Ивана Денисовича Шухова, неглупого, необразованного крестьянского мужичка, критики уже сто раз успели сопоставить с толстовским Платоном Каратаевым. Еще они перья сломали, гадая, что дальше случится с «кавторангом», персонажем, попавшим в лагерь сравнительно недавно и в финале отправляющемся на десять суток в стылый карцер, грозящий либо туберкулезом, либо смертью.


1962-й. Фото: РИА «Новости»

— Солженицын писал, что прототипом Ивана Денисовича был солдат, которого он видел на войне.

— Пожилой солдат Шухов служил в артиллерийской звукоразведывательной батрее, которой командовал Солженицын.  Он закончил войну живым и потом никогда не сидел. Александр Исаевич взял только его имя и внешность, не судьбу. Как раз Иван Денисович — единственный персонаж, у которого нет прямого прототипа. А у всех остальных есть, и Александр Исаевич лично общался с ними, и в лагере, и после лагеря. Например, «кавторанг» после освобождения стал директором музея крейсера «Аврора» в Ленинграде, его фамилия была Бурковский (в повести — Буйновский).

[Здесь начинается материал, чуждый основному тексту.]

(* For any metrized graph $\Gamma$ with $v$ vertices and any vertex $p\in V(\Gamma)$, $$4Kf(\Gamma)=v \cdot \sum_{e_i \in E(\Gamma)}\frac{L_i(R_{a_i,p}-R_{b_i,p})^2}{(L_i+R_i)^2} + \sum_{e_i \in E(\Gamma)}\frac{R_i}{L_i + R_i} \sum_{w \in V(\Gamma)}\big(r(p_i,w)+r(q_i,w)\big),$$ where $p_i,q_i$ denote the end points of $e_i$.
   Context: A metrized graph $\Gamma$ is a finite connected graph (multiple edges and self-loops allowed) each of whose edges is identified with a closed segment of positive length, with a finite nonempty vertex set $V(\Gamma)$ containing every point of valence $\neq2$; $v=\#V(\Gamma)$, $L_i$ the length of $e_i$, $r$ the effective resistance (edges as resistors of resistance equal to length). $Kf(\Gamma)=\frac12\sum_{p,q\in V(\Gamma)}r(p,q)$. For an edge $e_i$: if $\Gamma-e_i$ (interior deleted) is connected, $R_i$ is the effective resistance between $p_i,q_i$ in $\Gamma-e_i$, $R_{a_i,p}=\hat j_{p_i}(p,q_i)$, $R_{b_i,p}=\hat j_{q_i}(p,p_i)$ with $\hat j_z(x,y)$ the voltage function of $\Gamma-e_i$ (potential at $x$ when unit current enters at $y$ and exits at $z$, potential $0$ at $z$); if $e_i$ is a bridge, $R_{a_i,p}=0,R_{b_i,p}=R_i$ for $p$ in the component of $\Gamma-e_i$ containing $p_i$ and $R_{a_i,p}=R_i,R_{b_i,p}=0$ otherwise, with every expression in $R_i$ interpreted as its limit as $R_i\to\infty$; for a self-loop $R_i=0$. *)

From HB Require Import structures.
From mathcomp Require Import all_boot all_order all_algebra.
From mathcomp Require Import all_classical all_reals all_analysis.
From Stdlib Require Import ClassicalEpsilon.
Set Implicit Arguments. Unset Strict Implicit. Unset Printing Implicit Defensive.
Import Order.TTheory GRing.Theory Num.Theory numFieldNormedType.Exports.
Local Open Scope ring_scope.

(* A metrized graph given by a combinatorial model: vertex set V = 'I_n,
   edges e_i (i : 'I_m) with end points p_i = eP G i, q_i = eQ G i
   (multiple edges and self-loops allowed) and lengths L_i = len G i. *)
Record mgraph (R : realType) (n m : nat) := MGraph {
  eP : 'I_m -> 'I_n ;
  eQ : 'I_m -> 'I_n ;
  len : 'I_m -> R }.

Section Defs.
Variables (R : realType) (n m : nat) (G : mgraph R n m).

Definition adj (keep : pred 'I_m) : rel 'I_n :=
  fun x y => [exists j, keep j &&
     (((eP G j == x) && (eQ G j == y)) || ((eP G j == y) && (eQ G j == x)))].

Definition connectedb (keep : pred 'I_m) : Prop :=
  forall x y : 'I_n, connect (adj keep) x y.

Definition allE : pred 'I_m := predT.
Definition delE (i : 'I_m) : pred 'I_m := fun j => j != i.

(* net current leaving vertex x for potential u, in the subnetwork keep
   (edge e_j is a resistor of resistance len j) *)
Definition outcurrent (keep : pred 'I_m) (u : 'I_n -> R) (x : 'I_n) : R :=
  \sum_(j < m | keep j)
     (((eP G j == x)%:R * (u (eP G j) - u (eQ G j))
      + (eQ G j == x)%:R * (u (eQ G j) - u (eP G j))) / len G j).

Definition is_voltage (keep : pred 'I_m) (z y : 'I_n) (u : 'I_n -> R) : Prop :=
  u z = 0 /\ forall x, outcurrent keep u x = (x == y)%:R - (x == z)%:R.

Definition jhat (keep : pred 'I_m) (z x y : 'I_n) : R :=
  epsilon (inhabits (fun _ : 'I_n => 0 : R)) (is_voltage keep z y) x.

Definition resist (keep : pred 'I_m) (x y : 'I_n) : R := jhat keep y x x.

Definition r (x y : 'I_n) : R := resist allE x y.

Definition Kf : R := 2^-1 * \sum_(x < n) \sum_(y < n) r x y.

(* R_i, R_{a_i,p}, R_{b_i,p} when Gamma - e_i is connected *)
Definition Ri (i : 'I_m) : R := resist (delE i) (eP G i) (eQ G i).
Definition Ra (i : 'I_m) (p : 'I_n) : R := jhat (delE i) (eP G i) p (eQ G i).
Definition Rb (i : 'I_m) (p : 'I_n) : R := jhat (delE i) (eQ G i) p (eP G i).

(* bridge case: R_i = t, with R_a, R_b depending on the component of p *)
Definition Ra_br (i : 'I_m) (p : 'I_n) (t : R) : R :=
  if connect (adj (delE i)) (eP G i) p then 0 else t.
Definition Rb_br (i : 'I_m) (p : 'I_n) (t : R) : R :=
  if connect (adj (delE i)) (eP G i) p then t else 0.

(* L_i (R_{a_i,p} - R_{b_i,p})^2 / (L_i + R_i)^2, with limit R_i -> oo for bridges *)
Definition term1 (i : 'I_m) (p : 'I_n) : R :=
  if `[< connectedb (delE i) >] then
    len G i * (Ra i p - Rb i p) ^+ 2 / (len G i + Ri i) ^+ 2
  else
    lim ((fun t : R => len G i * (Ra_br i p t - Rb_br i p t) ^+ 2
                       / (len G i + t) ^+ 2) @ +oo)%classic.

(* R_i / (L_i + R_i), with limit R_i -> oo for bridges *)
Definition coef (i : 'I_m) : R :=
  if `[< connectedb (delE i) >] then Ri i / (len G i + Ri i)
  else lim ((fun t : R => t / (len G i + t)) @ +oo)%classic.

End Defs.

(* Let g be the Green's function of the network: g y is the potential of a unit
   current entering at y and leaving uniformly through all n vertices,
   normalized to mean zero.  It is symmetric, r(x,y) = g(x,x) + g(y,y) - 2 g(x,y),
   and hence 4 Kf = 4 n (sum_z g(z,z)).  For every edge e_i, bridge or not, the
   quantities R_i/(L_i+R_i) and L_i (R_{a_i,p} - R_{b_i,p})^2/(L_i+R_i)^2 only
   depend on the potential phi of a unit current from p_i to q_i in the whole
   graph: they equal (phi p_i - phi q_i)/L_i and (2 phi p - phi p_i - phi q_i)^2/L_i.
   With phi = g p_i - g q_i, both sums over edges become Dirichlet forms of g,
   which Green's identity evaluates. *)

From HB Require Import structures.
From mathcomp Require Import all_boot all_order all_algebra.
From mathcomp Require Import all_classical all_reals all_analysis.
From mathcomp Require Import ring lra zify.
From Stdlib Require Import ClassicalEpsilon.
Set Implicit Arguments. Unset Strict Implicit. Unset Printing Implicit Defensive.
Import Order.TTheory GRing.Theory Num.Theory numFieldNormedType.Exports.
Local Open Scope ring_scope.

Lemma sumr_delta {R : nzRingType} {I : finType} (F : I -> R) (y : I) :
  \sum_x (x == y)%:R * F x = F y.
Proof.
rewrite (bigD1 y) //= eqxx mul1r big1 ?addr0 // => x /negbTE ->.
by rewrite mul0r.
Qed.

Lemma sumr_const_ord {R : nzRingType} n (c : R) : \sum_(x < n) c = n%:R * c.
Proof. by rewrite sumr_const card_ord mulr_natl. Qed.

Lemma sum_delta {R : nzRingType} {I : finType} (y : I) : \sum_x ((x == y)%:R : R) = 1.
Proof. by rewrite -[RHS](sumr_delta (fun=> 1) y); under [RHS]eq_bigr do rewrite mulr1. Qed.

Lemma natr_ord_neq0 {R : numDomainType} {n} (y : 'I_n) : n%:R != 0 :> R.
Proof. by rewrite pnatr_eq0 -lt0n (leq_ltn_trans _ (ltn_ord y)). Qed.

Section Limits.
Variables (R : realType) (L : R).
Hypothesis L_gt0 : 0 < L.

Lemma cvg_ratio_pinfty : ((fun t : R => t / (L + t)) @ +oo --> (1 : R))%classic.
Proof.
apply/cvgrPdist_lt => e e0.
apply: filterS (nbhs_pinfty_gt (num_real (L / e))) => t Ht.
have t0 : 0 < t by apply: lt_trans Ht; exact: divr_gt0.
have Lt0 : 0 < L + t by exact: addr_gt0.
have -> : 1 - t / (L + t) = L / (L + t) by field; rewrite gt_eqF.
rewrite ger0_norm ?divr_ge0 ?ltW // ltr_pdivrMr // -ltr_pdivrMl // mulrC.
by apply: lt_le_trans Ht _; rewrite lerDr ltW.
Qed.

Lemma lim_ratio_pinfty : lim ((fun t : R => t / (L + t)) @ +oo)%classic = 1.
Proof. exact: cvg_lim cvg_ratio_pinfty. Qed.

Lemma lim_sqr_ratio_pinfty :
  lim ((fun t : R => L * (t / (L + t)) ^+ 2) @ +oo)%classic = L.
Proof.
apply: cvg_lim => //.
under eq_fun do rewrite expr2.
have := cvgM (cvg_cst L) (cvgM cvg_ratio_pinfty cvg_ratio_pinfty).
by rewrite !mulr1; apply.
Qed.

End Limits.

Section Network.
Variables (R : realType) (n m : nat) (G : mgraph R n m).

Local Notation a j := (eP G j).
Local Notation b j := (eQ G j).

Definition dirichlet (keep : pred 'I_m) (u v : 'I_n -> R) : R :=
  \sum_(j < m | keep j) (u (a j) - u (b j)) * (v (a j) - v (b j)) / len G j.

Lemma dirichlet_cstr keep u c : dirichlet keep u (fun=> c) = 0.
Proof. by apply: big1 => j _; rewrite subrr mulr0 mul0r. Qed.

Lemma outcurrentE keep u x : outcurrent G keep u x =
  \sum_(j < m | keep j)
    ((x == a j)%:R - (x == b j)%:R) * (u (a j) - u (b j)) / len G j.
Proof. by apply: eq_bigr => j _; rewrite ![_ == x]eq_sym; congr (_ / _); ring. Qed.

Lemma outcurrentDl keep u v (k l : R) x :
  outcurrent G keep (fun z => k * u z + l * v z) x =
  k * outcurrent G keep u x + l * outcurrent G keep v x.
Proof. by rewrite !outcurrentE !mulr_sumr -big_split /=; apply: eq_bigr => j _; ring. Qed.

Lemma outcurrent_addr keep u c x :
  outcurrent G keep (fun z => u z + c) x = outcurrent G keep u x.
Proof. by rewrite !outcurrentE; apply: eq_bigr => j _; congr (_ / _); ring. Qed.

Lemma sum_outcurrent_mul keep (U : 'I_n -> 'I_n -> R) (h : 'I_n -> R) :
  \sum_x outcurrent G keep (U x) x * h x =
  \sum_(j < m | keep j) ((U (a j) (a j) - U (a j) (b j)) * h (a j)
                       - (U (b j) (a j) - U (b j) (b j)) * h (b j)) / len G j.
Proof.
under eq_bigr do rewrite outcurrentE mulr_suml.
rewrite exchange_big /=; apply: eq_bigr => j _.
under eq_bigr do rewrite -!mulrA mulrBl.
by rewrite sumrB !sumr_delta; ring.
Qed.

Lemma green_identity keep u v :
  \sum_x outcurrent G keep u x * v x = dirichlet keep u v.
Proof.
rewrite (sum_outcurrent_mul keep (fun=> u)); apply: eq_bigr => j _.
by congr (_ / _); ring.
Qed.

Lemma sum_outcurrent keep u : \sum_x outcurrent G keep u x = 0.
Proof.
under eq_bigr do rewrite -[outcurrent _ _ _ _]mulr1.
rewrite (green_identity keep u (fun=> 1)).
by apply: big1 => j _; rewrite subrr mulr0 mul0r.
Qed.

Lemma outcurrent_delE i u x : outcurrent G (@allE m) u x =
  outcurrent G (delE i) u x +
  ((x == a i)%:R - (x == b i)%:R) * (u (a i) - u (b i)) / len G i.
Proof. by rewrite !outcurrentE (bigD1 i) //= addrC. Qed.

Lemma adj_sym keep : symmetric (adj G keep).
Proof.
suff H x y : adj G keep x y -> adj G keep y x by move=> x y; apply/idP/idP; apply: H.
by case/existsP=> j /andP [kj h]; apply/existsP; exists j; rewrite kj orbC.
Qed.

Hypothesis len_gt0 : forall j, 0 < len G j.

Lemma dirichlet_ge0 keep u : 0 <= dirichlet keep u u.
Proof. by apply: sumr_ge0 => j _; apply: divr_ge0; [rewrite -expr2 sqr_ge0 | exact: ltW]. Qed.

Еще Александр Исаевич очень дружил с Левой Гроссманом — прототипом Цезаря Марковича. (В повести это несостоявшийся режиссер, «белая кость» в лагере, бесконечно рассуждающий об Эйзенштейне и читающий рецензии на спектакли Завадского в присланной «Вечерней Москве». — Ред.) Гроссман до посадки был кинематографистом, вероятно, вращался в этих кругах и потом — но ни один его фильм мне не известен. Ну, а «бригадир Тюрин» после ссылки остался в Казахстане, в Караганде. Там и женился, в Караганде до сих пор живет его сын.


Этот столик Александр Исаевич сделал сам
Фото: из семейного архива

— В повести всего один раз клянут «батьку усатого», то есть Сталина. Причем Солженицын, отчаянно ненавидевший Сталина, чуть не плакавший от счастья, когда тот умер, добавил эту реплику по требованию редакторов — те на волне хрущевского гнева считали, что хоть раз надо напомнить, кто во всем виноват.

— А вот Александр Исаевич считал, что не стоит концентрироваться на Сталине: это сужает проблему. Не Сталин создал концлагеря. Это Ленин их создал. И Гитлер потом перенимал опыт именно у него и его последователей. 

Понимаете, долго было распространено мнение, что Ленин создал замечательный строй, и если б мы продолжали идти по ленинскому пути, все было бы чудесно. Но — увы и ах, пришел глупый властолюбивый грузин с низким лбом, и все испоганил. Александр Исаевич так не думал. Он полагал, что Сталин был вполне в русле системы. Просто он был в большей мере, чем Ленин, кадровик, понимал, как эти шестеренки смазать безумным скользким страхом, чтоб они крутились…

Александр Исаевич не считал, что с коммунистической идеей можно что-то сделать, чтоб она распрямилась и засияла как новенькая. Он был убежден, что тоталитарный строй хуже авторитарного. Последний тоже может быть очень жестоким и деспотичным, но он не требует от человека всего — только материального подчинения. Ты должен работать, отдавать себя по максимуму, но ты не должен отдавать душу, внушать дома своим детям, что тиран — это солнце. А вот тоталитарный строй требует от раба не только труда, но и души, поганит ее, и дети при нем растут словно в детдоме под названием «коммунистический детский сад».

 

«Солженицын считал Хрущева советским царем»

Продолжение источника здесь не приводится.